(* A = \bigoplus_{g in G} A_g as k-vector spaces *)
Definition is_G_grading (Ag : G -> A -> Prop) : Prop :=
  [/\ (forall g, Ag g 0),
      (forall g a b, Ag g a -> Ag g b -> Ag g (a + b)),
      (forall g (c : k) a, Ag g a -> Ag g (c *: a)),
      (forall a : A, exists (s : list G) (f : G -> A),
          NoDup s /\ (forall g, In g s -> Ag g (f g)) /\ a = \sum_(g <- s) f g) &
      (forall (s : list G) (f : G -> A),
          NoDup s -> (forall g, In g s -> Ag g (f g)) -> \sum_(g <- s) f g = 0 ->
          forall g, In g s -> f g = 0)].

(* strongly graded: A_g A_h = A_{gh} (product of subspaces = span of products), 1 in A_1 *)
Definition strongly_graded (Ag : G -> A -> Prop) : Prop :=
  [/\ is_G_grading Ag,
      (forall g h a b, Ag g a -> Ag h b -> Ag (g * h)%g (a * b)),
      (forall g h c, Ag (g * h)%g c -> exists s : list (A * A),
          (forall p, In p s -> Ag g p.1 /\ Ag h p.2) /\ c = \sum_(p <- s) p.1 * p.2) &
      Ag 1%g 1].

Variable X : Type.
Variable act : X -> G -> X.

(* the underlying module of kX (x) N = \bigoplus_{x in X} x (x) N,
   realised as finitely supported functions X -> N (u x = component in x (x) N) *)
Definition fsupp (N : zmodType) (u : X -> N) : Prop :=
  exists s : list X, forall x, ~ In x s -> u x = 0.

Record kXt (N : zmodType) := KXt { kXval :> X -> N ; kXvalP : fsupp kXval }.

Lemma fsupp_add (N : zmodType) (u v : kXt N) : fsupp (fun x => u x + v x).
Proof.
case: u => u [s Hs]; case: v => v [t Ht]; exists (s ++ t) => x Hx /=.
rewrite Hs ?Ht ?addr0 // => H; apply: Hx; apply: in_or_app; tauto.
Qed.
Definition kXadd (N : zmodType) (u v : kXt N) : kXt N := KXt (fsupp_add u v).

Hypothesis actP : is_right_action act.

Lemma fsupp_hact (N : lmodType A^c) (u : kXt N) (g : G) (a : A) :
  fsupp (fun y => (a : A^c) *: u (act y g^-1%g)).
Proof.
case: u => u [s Hs]; exists (map (fun x => act x g) s) => y Hy /=.
rewrite Hs ?scaler0 // => H; apply: Hy.
have -> : y = act (act y g^-1%g) g by case: actP => a1 a2; rewrite a2 mulVg a1.
exact: in_map.
Qed.

(* (x (x) n) a_g = x.g (x) n a_g,  i.e. (u a_g)(y) = u(y.g^-1) a_g *)
Definition kXhact (N : lmodType A^c) (u : kXt N) (g : G) (a : A) : kXt N :=
  KXt (fsupp_hact u g a).

Lemma fsupp_map (M N : lmodType A^c) (f : {linear M -> N}) (u : kXt M) :
  fsupp (fun x => f (u x)).
Proof. case: u => u [s Hs]; exists s => x Hx /=; by rewrite Hs ?linear0. Qed.
Definition kXmap (M N : lmodType A^c) (f : {linear M -> N}) (u : kXt M) : kXt N :=
  KXt (fsupp_map f u).

Variable Ag : G -> A -> Prop.

(* morphisms kX (x) M -> kX (x) N in gr-(G,X,A): additive, compatible with the
   action of homogeneous elements (hence A-linear), preserving the X-grading *)
Definition is_gr_hom (M N : lmodType A^c) (phi : kXt M -> kXt N) : Prop :=
  [/\ (forall u v y, phi (kXadd u v) y = phi u y + phi v y),
      (forall g a, Ag g a -> forall u y, phi (kXhact u g a) y = kXhact (phi u) g a y) &
      (forall (x : X) (u : kXt M), (forall y, y <> x -> u y = 0) -> forall y, y <> x -> phi u y = 0)].

Definition gr_hom (M N : lmodType A^c) := {phi : kXt M -> kXt N | is_gr_hom phi}.

Definition kX_separable : Prop :=
  exists P : forall M N : lmodType A^c, gr_hom M N -> {linear M -> N},
    (forall (M N : lmodType A^c) (f : {linear M -> N}) (phi : gr_hom M N),
        (forall u, proj1_sig phi u = kXmap f u) -> forall m, P M N phi m = f m)
 /\ (forall (M M' N N' : lmodType A^c) (f : {linear M' -> M}) (g : {linear N -> N'})
        (phi : gr_hom M N) (psi : gr_hom M' N'),
        (forall u, proj1_sig psi u = kXmap g (proj1_sig phi (kXmap f u))) ->
        forall m, P M' N' psi m = g (P M N phi (f m))).

End Defs.

From HB Require Import structures.
From mathcomp Require Import all_boot all_algebra.
From mathcomp Require Import monoid.
From Stdlib Require Import List.
From mathcomp Require Import boolp.
From Stdlib Require Import Permutation.
Local Open Scope ring_scope.
Import GRing.Theory.
Set Implicit Arguments. Unset Strict Implicit. Unset Printing Implicit Defensive.

(* If the orbit O of some x is finite, averaging over it,
   P(phi)(m) = |O|^-1 sum_(y in O) phi(y (x) m)_y, is a natural retraction of
   kX (x) -; it is A-linear because a homogeneous a_g acts on kX (x) M by
   permuting O, and A is spanned by homogeneous elements.
   Conversely, splitting elements of A into homogeneous components gives a
   morphism sigma : kX (x) A -> kX (x) A^(X), x (x) a_g |-> x (x) (x.g^-1 (x) a_g),
   lifting the summation map eps : A^(X) -> A.  Naturality of a retraction P
   forces v := P(sigma)(1) to satisfy eps v = 1 and c v_(z.h) = v_z c for all
   c in A_h; as 1 lies in A_h A_(h^-1), the support of v is then a nonempty
   finite G-subset of X. *)

Definition classic_eq_dec (T : Type) (x y : T) : {x = y} + {x <> y} := pselect (x = y).

Section ListUnion.
Variable T : Type.

Definition list_union (l1 l2 : list T) : list T := nodup (@classic_eq_dec T) (l1 ++ l2).

Lemma list_union_NoDup l1 l2 : NoDup (list_union l1 l2).
Proof. exact: NoDup_nodup. Qed.

Lemma list_unionl l1 l2 x : In x l1 -> In x (list_union l1 l2).
Proof. by move=> Hx; rewrite nodup_In; apply: in_or_app; left. Qed.

Lemma list_unionr l1 l2 x : In x l2 -> In x (list_union l1 l2).
Proof. by move=> Hx; rewrite nodup_In; apply: in_or_app; right. Qed.

End ListUnion.

Section ListSums.
Variables (T : Type) (N : zmodType).
Implicit Types (F : T -> N) (l : list T).

Lemma big_Permutation F l l' :
  Permutation l l' -> \sum_(x <- l) F x = \sum_(x <- l') F x.
Proof.
elim=> [|x l1 l2 _ IH|x y l1|l1 l2 l3 _ IH1 _ IH2] //.
- by rewrite !big_cons IH.
- by rewrite !big_cons addrCA.
- by rewrite IH1 IH2.
Qed.

Lemma eq_big_In F F' l : (forall x, In x l -> F x = F' x) ->
  \sum_(x <- l) F x = \sum_(x <- l) F' x.
Proof.
elim: l => [|x l IH] H; first by rewrite !big_nil.
by rewrite !big_cons H /=; [rewrite IH // => y Hy; apply: H; right | left].
Qed.

Lemma big_In0 F l : (forall x, In x l -> F x = 0) -> \sum_(x <- l) F x = 0.
Proof. by move=> H; rewrite (@eq_big_In F (fun _ => 0)) ?big1. Qed.

Lemma big_const_list (c : N) l : \sum_(x <- l) c = c *+ length l.
Proof. by elim: l => [|x l IH]; rewrite ?big_nil ?big_cons ?IH ?mulrS. Qed.

Lemma big_filter_supp F (P : T -> Prop) l : (forall x, ~ P x -> F x = 0) ->
  \sum_(x <- l) F x = \sum_(x <- List.filter (fun x => `[< P x >]) l) F x.
Proof.
move=> H; elim: l => [|x l IH] //=.
rewrite big_cons IH; case: (asboolP (P x)) => Px; first by rewrite big_cons.
by rewrite H // add0r.
Qed.

Lemma big_NoDup_supp F l1 l2 : NoDup l1 -> NoDup l2 ->
  (forall x, F x <> 0 -> In x l1) -> (forall x, F x <> 0 -> In x l2) ->
  \sum_(x <- l1) F x = \sum_(x <- l2) F x.
Proof.
move=> N1 N2 H1 H2.
have supp l : (forall x, F x <> 0 -> In x l) -> forall x, ~ In x l -> F x = 0.
  by move=> Hl x Hx; case: (pselect (F x = 0)) => // /Hl.
rewrite (big_filter_supp _ (supp _ H2)) [RHS](big_filter_supp _ (supp _ H1)).
apply: big_Permutation; apply: NoDup_Permutation; try exact: NoDup_filter.
by move=> x; rewrite !filter_In; split=> -[? /asboolP ?]; split=> //; apply/asboolP.
Qed.

End ListSums.

Lemma finite_set_NoDup (T : Type) (P : T -> Prop) :
  finite_set P -> exists O : list T, NoDup O /\ (forall y, In y O <-> P y).
Proof.
case=> s Hs; exists (nodup (@classic_eq_dec T) (List.filter (fun y => `[< P y >]) s)).
split; first exact: NoDup_nodup.
move=> y; rewrite nodup_In filter_In; split=> [[_ /asboolP]|Py] //.
by split; [apply: Hs | apply/asboolP].
Qed.

Section FinSupp.
Variables (X : Type) (N : zmodType).

Lemma kXt_ext (u v : kXt X N) : (forall x, u x = v x) -> u = v.
Proof.
case: u => u Hu; case: v => v Hv /= H.
have E : u = v by apply: funext.
subst v; congr KXt; exact: Prop_irrelevance.
Qed.

Lemma fsupp_delta (x : X) (m : N) : fsupp (fun y => if pselect (y = x) then m else 0).
Proof. by exists (x :: nil) => y Hy; case: pselect => // E; case: Hy; left. Qed.

Definition kdelta (x : X) (m : N) : kXt X N := KXt (fsupp_delta x m).

Definition supp_list (u : kXt X N) : list X :=
  nodup (@classic_eq_dec X) (proj1_sig (cid (kXvalP u))).

Lemma supp_list_NoDup (u : kXt X N) : NoDup (supp_list u).
Proof. exact: NoDup_nodup. Qed.

Lemma supp_listP (u : kXt X N) x : u x <> 0 -> In x (supp_list u).
Proof.
rewrite /supp_list nodup_In; case: (cid _) => s Hs /= Hx.
by case: (pselect (In x s)) => // /Hs.
Qed.

End FinSupp.

Definition mkLinear (R : pzRingType) (M N : lmodType R) (f : M -> N) (H : linear f) :
  {linear M -> N} := HB.pack f (GRing.isLinear.Build _ _ _ _ f H).

Section Action.
Variables (G : groupType) (X : Type) (act : X -> G -> X).
Hypothesis actP : is_right_action act.
Lemma H_Phi_zero0 (M : lmodType R) : H_Phi_zero Phi M 0 <-> Gamma_free Phi M.
Proof.
have r := inj_resolution_exists M; rewrite (H_Phi_zero_res _ _ r).
split=> /= [coh x Gx | GM x Gx /(res_exact0 r) [m em]].
  apply: (res_eps_inj r); rewrite linear0.
  by apply: coh; [exact: in_Gamma_linear | rewrite res_d_eps].
have Gm : in_Gamma Phi m by apply: (in_Gamma_inj (res_eps_inj r)); rewrite em.
by rewrite -em (GM m Gm) linear0.
Qed.

Section DimensionShift.
Variables (A E B : lmodType R) (al : {linear A -> E}) (be : {linear E -> B}).
Hypotheses (al_inj : injective al) (be_surj : forall b, exists e, be e = b).
Hypothesis exact_E : forall e, be e = 0 <-> exists a, al a = e.
Hypotheses (E_inj : injective_module E) (E_free : Gamma_free Phi E).

Section Splice.
Variables (I : nat -> lmodType R) (d : forall i, {linear I i -> I i.+1})
  (eps : {linear B -> I 0%N}).
Hypothesis res : inj_resolution d eps.

Definition splice_mod (j : nat) : lmodType R := if j is j'.+1 then I j' else E.

Definition splice_d (j : nat) : {linear splice_mod j -> splice_mod j.+1} :=
  if j is j'.+1 return {linear splice_mod j -> splice_mod j.+1} then d j' else eps \o be.

Lemma splice_resolution : inj_resolution splice_d al.
Proof.
split => //.
- move=> x /=; rewrite -exact_E; split=> [|->]; last by rewrite linear0.
  by rewrite -(linear0 eps) => /(res_eps_inj res).
- case=> [|i] x /=; last by split=> [/(res_exactS res)|[y <-]]; last exact: res_dd res _ _.
  split=> [/(res_exact0 res) [b <-]|[y <-]]; last exact: res_d_eps res _.
  by have [e <-] := be_surj b; exists e.
- by case=> [|j] //=; exact: res_injective res j.
Qed.

Lemma splice_Gamma_coh_zero i : Gamma_coh_zero Phi splice_d i.+1 <-> Gamma_coh_zero Phi d i.
Proof.
case: i => [|i] //=; split=> coh x Gx dx.
  by have [y [/E_free -> <-]] := coh x Gx dx; rewrite !linear0.
by exists 0; split; [exact: in_Gamma0 | rewrite (coh x Gx dx) !linear0].
Qed.

End Splice.

Lemma H_Phi_zero_shift i : H_Phi_zero Phi A i.+1 <-> H_Phi_zero Phi B i.
Proof.
have r := inj_resolution_exists B.
by rewrite (H_Phi_zero_res _ _ (splice_resolution r)) splice_Gamma_coh_zero (H_Phi_zero_res _ _ r).
Qed.

End DimensionShift.
End LocalCohomologyVanishing.

(** * Injective envelopes with Gamma_Phi = 0 *)

Section Retracts.
Variables (R : comNzRingType) (E : lmodType R).

Lemma retract_injective (S : submod E) (psi : {linear E -> E}) :
  injective_module E -> (forall x, S (psi x)) -> (forall s, S s -> psi s = s) ->
  injective_module (submod_type S).
Proof.
move=> iE psiS psi_id A B f g finj.
have [h hP] := iE _ _ f (submod_incl \o g) finj.
pose h' b : submod_type S := submod_elt (psiS (h b)).
have h'L : linear h' by move=> r x y; apply: val_inj; rewrite /= !linearP.
exists (linmap h'L) => a; apply: val_inj.
by rewrite /= hP /= psi_id //; exact: submod_incl_mem.
Qed.

Definition sum_submod (H K : submod E) : submod E.
Proof.
refine (@Submod _ _ (fun e => exists h k, [/\ H h, K k & e = h + k]) _); split.
- by exists 0, 0; rewrite addr0; split => //; exact: submod0.
- move=> _ _ [h1 [k1 [H1 K1 ->]]] [h2 [k2 [H2 K2 ->]]].
  by exists (h1 + h2), (k1 + k2); rewrite addrACA; split => //; exact: submodD.
- move=> r _ [h [k [Hh Kk ->]]].
  by exists (r *: h), (r *: k); rewrite scalerDr; split => //; exact: submodZ.
Defined.
Section FlowMap.
Context {U : set (st R n)} {G : st R n -> st R n}.
Hypotheses (oU : open U) (sG : smooth_on U G).
Hypothesis G_fst : forall p, U p -> (G p).1 = p.2.
Hypothesis G_scheme : forall p, U p -> scheme L p.1 p.2 (G p).2.
Context {p : st R n}.
Hypothesis Up : U p.

Let dG : differentiable G p := sG [::] p Up.
Let nearU : \forall y \near p, U y := oU p Up.

Lemma derive_flow_fst v : ('D_v G p).1 = v.2.
Proof.
rewrite -(derive_fst (G p)) -derive_comp //; last exact: differentiable_fst.
rewrite (near_eq_derive (g := snd)) ?derive_snd //.
by apply: filterS nearU => y; exact: G_fst.
Qed.

Lemma derive_scheme_dLd (c : pt R n) v :
  p.2.2 != p.1.2 -> (G p).2.2 != (G p).1.2 ->
  'D_v (dLd (0, c)) p + 'D_('D_v G p) (dLd (c, 0)) (G p) = 0.
Proof.
move=> hp hGp.
have d0c := differentiable_dLd (0, c) p hp.
have dc0 := differentiable_dLd (c, 0) (G p) hGp.
rewrite -derive_comp // -deriveD; last 2 first.
- exact: diff_derivable.
- exact/diff_derivable/differentiable_comp.
rewrite (near_eq_derive (g := cst 0)) ?derive_cst //.
by apply: filterS nearU => y Uy; exact (scheme_dLd y (G y) c (G_fst y Uy) (G_scheme y Uy)).
Qed.
(* Every triangle-free unit disk graph has a proper vertex coloring with at most $4$ colors.
   Context: A graph $G$ is a unit disk graph if its vertices can be put in one-to-one correspondence with closed disks of radius $1$ in the plane so that two vertices are adjacent if and only if the corresponding disks intersect (tangent disks are considered to intersect). A graph is triangle-free if it has no subgraph isomorphic to $K_3$. *)

From mathcomp Require Import all_boot all_order all_algebra.
From mathcomp Require Import reals.
Set Implicit Arguments. Unset Strict Implicit. Unset Printing Implicit Defensive.
Import Order.TTheory GRing.Theory Num.Theory.
Local Open Scope ring_scope.

Definition simple_graph (T : finType) (e : rel T) : Prop :=
  symmetric e /\ irreflexive e.

(* Closed disks of radius 1 centred at p and q intersect (tangency counts)
   iff the Euclidean distance of the centres is at most 2, i.e. the squared
   distance is at most 4. *)
Definition unit_disks_meet (R : realType) (p q : R * R) : bool :=
  (p.1 - q.1) ^+ 2 + (p.2 - q.2) ^+ 2 <= 4%:R.

(* e is a unit disk graph: vertices are in one-to-one correspondence with
   unit disks (given by injective centres), and two distinct vertices are
   adjacent iff their disks intersect. *)
Definition unit_disk_graph (R : realType) (T : finType) (e : rel T) : Prop :=
  exists c : T -> R * R, injective c /\
    forall x y : T, x != y -> (e x y = unit_disks_meet (c x) (c y)).

Definition triangle_free (T : finType) (e : rel T) : Prop :=
  forall x y z : T, ~ [/\ e x y, e y z & e x z].

Definition k_colorable (T : finType) (e : rel T) (k : nat) : Prop :=
  exists col : T -> 'I_k, forall x y : T, e x y -> col x != col y.

From mathcomp Require Import all_boot all_order all_algebra.
From mathcomp Require Import reals.
From mathcomp Require Import lra ring.
Set Implicit Arguments. Unset Strict Implicit. Unset Printing Implicit Defensive.
Import Order.TTheory GRing.Theory Num.Theory.

(* Let v be the vertex whose disk centre is leftmost.  All neighbours of v
   have centres in the closed right half-disk of radius 2 around c v, which
   splits into three 60-degree sectors.  Two points of one sector are at
   distance at most 2, so two neighbours of v in the same sector would form a
   triangle with v.  Hence v has at most 3 neighbours, the same holds in every
   induced subgraph, and greedy colouring uses at most 4 colours. *)

Section Sextants.
Variable R : realDomainType.
Local Open Scope ring_scope.

(* The angle between (x, y) and (x', y') is at most 60 degrees, i.e. its cosine
   is at least 1/2, written without square roots via dot and cross products. *)
Definition within60 (x y x' y' : R) : Prop :=
  0 <= x * x' + y * y' /\ (x * y' - y * x') ^+ 2 <= 3 * (x * x' + y * y') ^+ 2.

Lemma sqrrB_le (a b c : R) :
  0 <= a -> 0 <= b -> a ^+ 2 <= c -> b ^+ 2 <= c -> (a - b) ^+ 2 <= c.
Proof. by move=> a0 b0 ha hb; case: (lerP a b) => ?; nra. Qed.

Lemma within60_central (x y x' y' : R) : 0 <= x -> 0 <= x' ->
  3 * y ^+ 2 <= x ^+ 2 -> 3 * y' ^+ 2 <= x' ^+ 2 -> within60 x y x' y'.
Proof.
(* |y y'| <= x x' / 3, so the dot product is at least 2/3 x x' while the
   squared cross product is at most 4/3 (x x')^2. *)
move=> x0 x'0 h h'; set p := x * x'.
have p0 : 0 <= p by exact: mulr_ge0.
have hyy' : (3 * (y * y')) ^+ 2 <= p ^+ 2.
  have -> : (3 * (y * y')) ^+ 2 = (3 * y ^+ 2) * (3 * y' ^+ 2) by ring.
  by rewrite /p exprMn; apply: ler_pM => //; rewrite mulr_ge0 ?sqr_ge0.
have [lo hi] : - p <= 3 * (y * y') /\ 3 * (y * y') <= p.
  apply/andP; rewrite -ler_norml -(ger0_norm p0).
  by rewrite -ler_sqr ?nnegrE ?normr_ge0 ?real_normK ?num_real.
have cross : (x * y' - y * x') ^+ 2 <= 2 * (x * y') ^+ 2 + 2 * (y * x') ^+ 2.
  have -> : 2 * (x * y') ^+ 2 + 2 * (y * x') ^+ 2 =
    (x * y' - y * x') ^+ 2 + (x * y' + y * x') ^+ 2 by ring.
  by rewrite lerDl sqr_ge0.
have hxy' : 3 * (x * y') ^+ 2 <= p ^+ 2.
  by rewrite /p !exprMn mulrCA ler_wpM2l ?sqr_ge0.
have hyx' : 3 * (y * x') ^+ 2 <= p ^+ 2.
  by rewrite /p !exprMn mulrA ler_wpM2r ?sqr_ge0.
have dot : 2 * p <= 3 * (x * x' + y * y') by rewrite -/p; lra.
have dot2 : 4 * p ^+ 2 <= 9 * (x * x' + y * y') ^+ 2 by nra.
split; lra.
Qed.

Lemma within60_upper (x y x' y' : R) : 0 <= x -> 0 <= y -> 0 <= x' -> 0 <= y' ->
  x ^+ 2 <= 3 * y ^+ 2 -> x' ^+ 2 <= 3 * y' ^+ 2 -> within60 x y x' y'.
Proof.
move=> x0 y0 x'0 y'0 h h'.
have dot_ge : (y * y') ^+ 2 <= (x * x' + y * y') ^+ 2.
  by rewrite ler_sqr ?nnegrE; nra.
split; first nra.
by apply: sqrrB_le; nra.
Qed.

Lemma within60N (x y x' y' : R) : within60 x y x' y' <-> within60 x (- y) x' (- y').
Proof.
rewrite /within60 !mulrNN.
have -> : x * - y' - - y * x' = - (x * y' - y * x') by ring.
by rewrite sqrrN.
Qed.

(* The three 60-degree sectors of the closed right half-plane: 0 for angles in
   [-30, 30], 1 for (30, 90] and 2 for [-90, -30). *)
Definition sextant (x y : R) : 'I_3 :=
  if 3 * y ^+ 2 <= x ^+ 2 then 0 else if 0 <= y then 1 else 2.

Lemma within60_same_sextant (x y x' y' : R) : 0 <= x -> 0 <= x' ->
  sextant x y = sextant x' y' -> within60 x y x' y'.
Proof.
rewrite /sextant => x0 x'0.
case: (lerP (3 * y ^+ 2) (x ^+ 2)) => h; case: (lerP (3 * y' ^+ 2) (x' ^+ 2)) => h';
  case: (lerP 0 y) => y0; case: (lerP 0 y') => y'0 // _; try exact: within60_central.
- exact: within60_upper (ltW h) (ltW h').
- by apply/within60N/within60_upper; rewrite ?sqrrN ?oppr_ge0 //; apply: ltW.
Qed.

Lemma sqrdist_le4_within60 (x y x' y' : R) :
  x ^+ 2 + y ^+ 2 <= 4 -> x' ^+ 2 + y' ^+ 2 <= 4 -> within60 x y x' y' ->
  (x - x') ^+ 2 + (y - y') ^+ 2 <= 4.
Proof.
rewrite /within60; set A := x ^+ 2 + y ^+ 2; set B := x' ^+ 2 + y' ^+ 2.
set d := x * x' + y * y'; set c := x * y' - y * x' => hA hB [d0 hc].
have A0 : 0 <= A by rewrite addr_ge0 ?sqr_ge0.
have B0 : 0 <= B by rewrite addr_ge0 ?sqr_ge0.
have hAB : A * B <= (2 * d) ^+ 2.
  have -> : A * B = d ^+ 2 + c ^+ 2 by rewrite /A /B /d /c; ring.
  by rewrite exprMn; lra.
(* (min A B)^2 <= A B, hence A + B - 2 d <= max A B. *)
have hmin : Num.min A B <= 2 * d.
  rewrite -ler_sqr ?nnegrE ?le_min ?A0 ?B0 ?mulr_ge0 //; apply: le_trans hAB.
  by rewrite expr2; case: (leP A B) => [|/ltW] ?; [apply: ler_wpM2l | apply: ler_wpM2r].
have -> : (x - x') ^+ 2 + (y - y') ^+ 2 = A + B - 2 * d by rewrite /A /B /d; ring.
by move: hmin; case: (leP A B) => _; lra.
Qed.

End Sextants.

Section UnitDisks.
Variable R : realType.
Local Open Scope ring_scope.

Lemma unit_disks_meet_same_sextant (o p q : R * R) :
  unit_disks_meet o p -> unit_disks_meet o q -> o.1 <= p.1 -> o.1 <= q.1 ->
  sextant (p.1 - o.1) (p.2 - o.2) = sextant (q.1 - o.1) (q.2 - o.2) ->
  unit_disks_meet p q.
Proof.
have sqrBC (a b : R) : (a - b) ^+ 2 = (b - a) ^+ 2 by rewrite -sqrrN opprB.
rewrite /unit_disks_meet !(sqrBC o.1) !(sqrBC o.2) -!(subr_ge0 o.1) => hp hq p0 q0.
move=> /(within60_same_sextant p0 q0) /(sqrdist_le4_within60 hp hq).
have -> : p.1 - o.1 - (q.1 - o.1) = p.1 - q.1 by ring.
by have -> : p.2 - o.2 - (q.2 - o.2) = p.2 - q.2 by ring.
Qed.

End UnitDisks.

Definition degenerate (T : finType) (e : rel T) (k : nat) : Prop :=
  forall S : {set T}, S != set0 -> exists2 v, v \in S & #|[set w in S | e v w]| <= k.

Section DegenerateColoring.
Variables (T : finType) (e : rel T) (k : nat).
Hypotheses (e_simple : simple_graph e) (e_degenerate : degenerate e k).

Lemma degenerate_colorable_on (S : {set T}) :
  exists col : T -> 'I_k.+1, {in S &, forall x y, e x y -> col x != col y}.
Proof.
have [e_sym e_irr] := e_simple.
move: {2}#|S| (leqnn #|S|) => n; elim: n S => [|n IH] S leSn.
  by exists (fun=> ord0) => x y; move: leSn; rewrite leqn0 cards_eq0 => /eqP ->; rewrite inE.
have [-> | /e_degenerate [v vS degv]] := eqVneq S set0.
  by exists (fun=> ord0) => x y; rewrite inE.
have [col colP] : exists col : T -> 'I_k.+1,
    {in S :\ v &, forall x y, e x y -> col x != col y}.
  by apply: IH; move: leSn; rewrite (cardsD1 v S) vS.
set N := [set w in S | e v w].
have [i iN] : exists i, i \notin col @: N.
  have : 0 < #|~: (col @: N)|.
    by rewrite cardsCs setCK card_ord subn_gt0 ltnS (leq_trans (leq_imset_card _ _)).
  by case/card_gt0P => i; rewrite inE; exists i.
have colN w : w \in S -> e v w -> col w \in col @: N.
  by move=> wS evw; rewrite imset_f // inE wS.
exists (fun x => if x == v then i else col x) => x y xS yS.
case: (eqVneq x v) => [-> | xv]; case: (eqVneq y v) => [-> | yv].
- by rewrite e_irr.
- by move=> evy; apply: contraNneq iN => ->; apply: colN.
- by rewrite e_sym => evx; apply: contraNneq iN => <-; apply: colN.
- by apply: colP; rewrite !inE ?xv ?yv.
Qed.

Lemma degenerate_colorable : k_colorable e k.+1.
Proof.
have [col colP] := degenerate_colorable_on [set: T].
by exists col => x y; apply: colP; rewrite inE.
Qed.

End DegenerateColoring.

Lemma udg_triangle_free_degenerate (R : realType) (T : finType) (e : rel T) :
  unit_disk_graph R e -> triangle_free e -> degenerate e 3.
Proof.
move=> [c [_ ce]] tri S /set0Pn [v0 v0S].
have meet x y : e x y -> unit_disks_meet (c x) (c y).
  case: (eqVneq x y) => [-> _ | /ce -> //].
  by rewrite /unit_disks_meet !subrr expr0n addr0 ler0n.
case: (arg_minP (fun v => (c v).1) v0S) => v vS vmin; exists v => //.
rewrite -[3]card_ord; apply: (@leq_card_in _ _
  (fun w => sextant ((c w).1 - (c v).1) ((c w).2 - (c v).2))).
move=> w w'; rewrite !inE => /andP[wS evw] /andP[w'S evw'] same.
have [// | ww'] := eqVneq w w'; exfalso; apply: (tri v w w'); split => //.
rewrite ce //; apply: (@unit_disks_meet_same_sextant _ (c v)) => //;
  by [apply: meet | apply: vmin].
Qed.

Theorem lemma4p1 (R : realType) (T : finType) (e : rel T) :
  simple_graph e -> unit_disk_graph R e -> triangle_free e ->
  k_colorable e 4.
Proof.
move=> simple udg tri; apply: degenerate_colorable simple _.
exact: udg_triangle_free_degenerate udg tri.
Qed.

________________________

● **TASK TO CARRY OUT**
Please give an exact copy of the lines above, beginning with the line containing "by apply: filterS nearU => y Uy;" and running through the line containing "(* Every triangle-free", and of no other lines.

● **COMPLETED TASK**
by apply: filterS nearU => y Uy; exact (scheme_dLd y (G y) c (G_fst y Uy) (G_scheme y Uy)).
Qed.
(* Every triangle-free unit disk graph has a proper vertex coloring with at most $4$ colors.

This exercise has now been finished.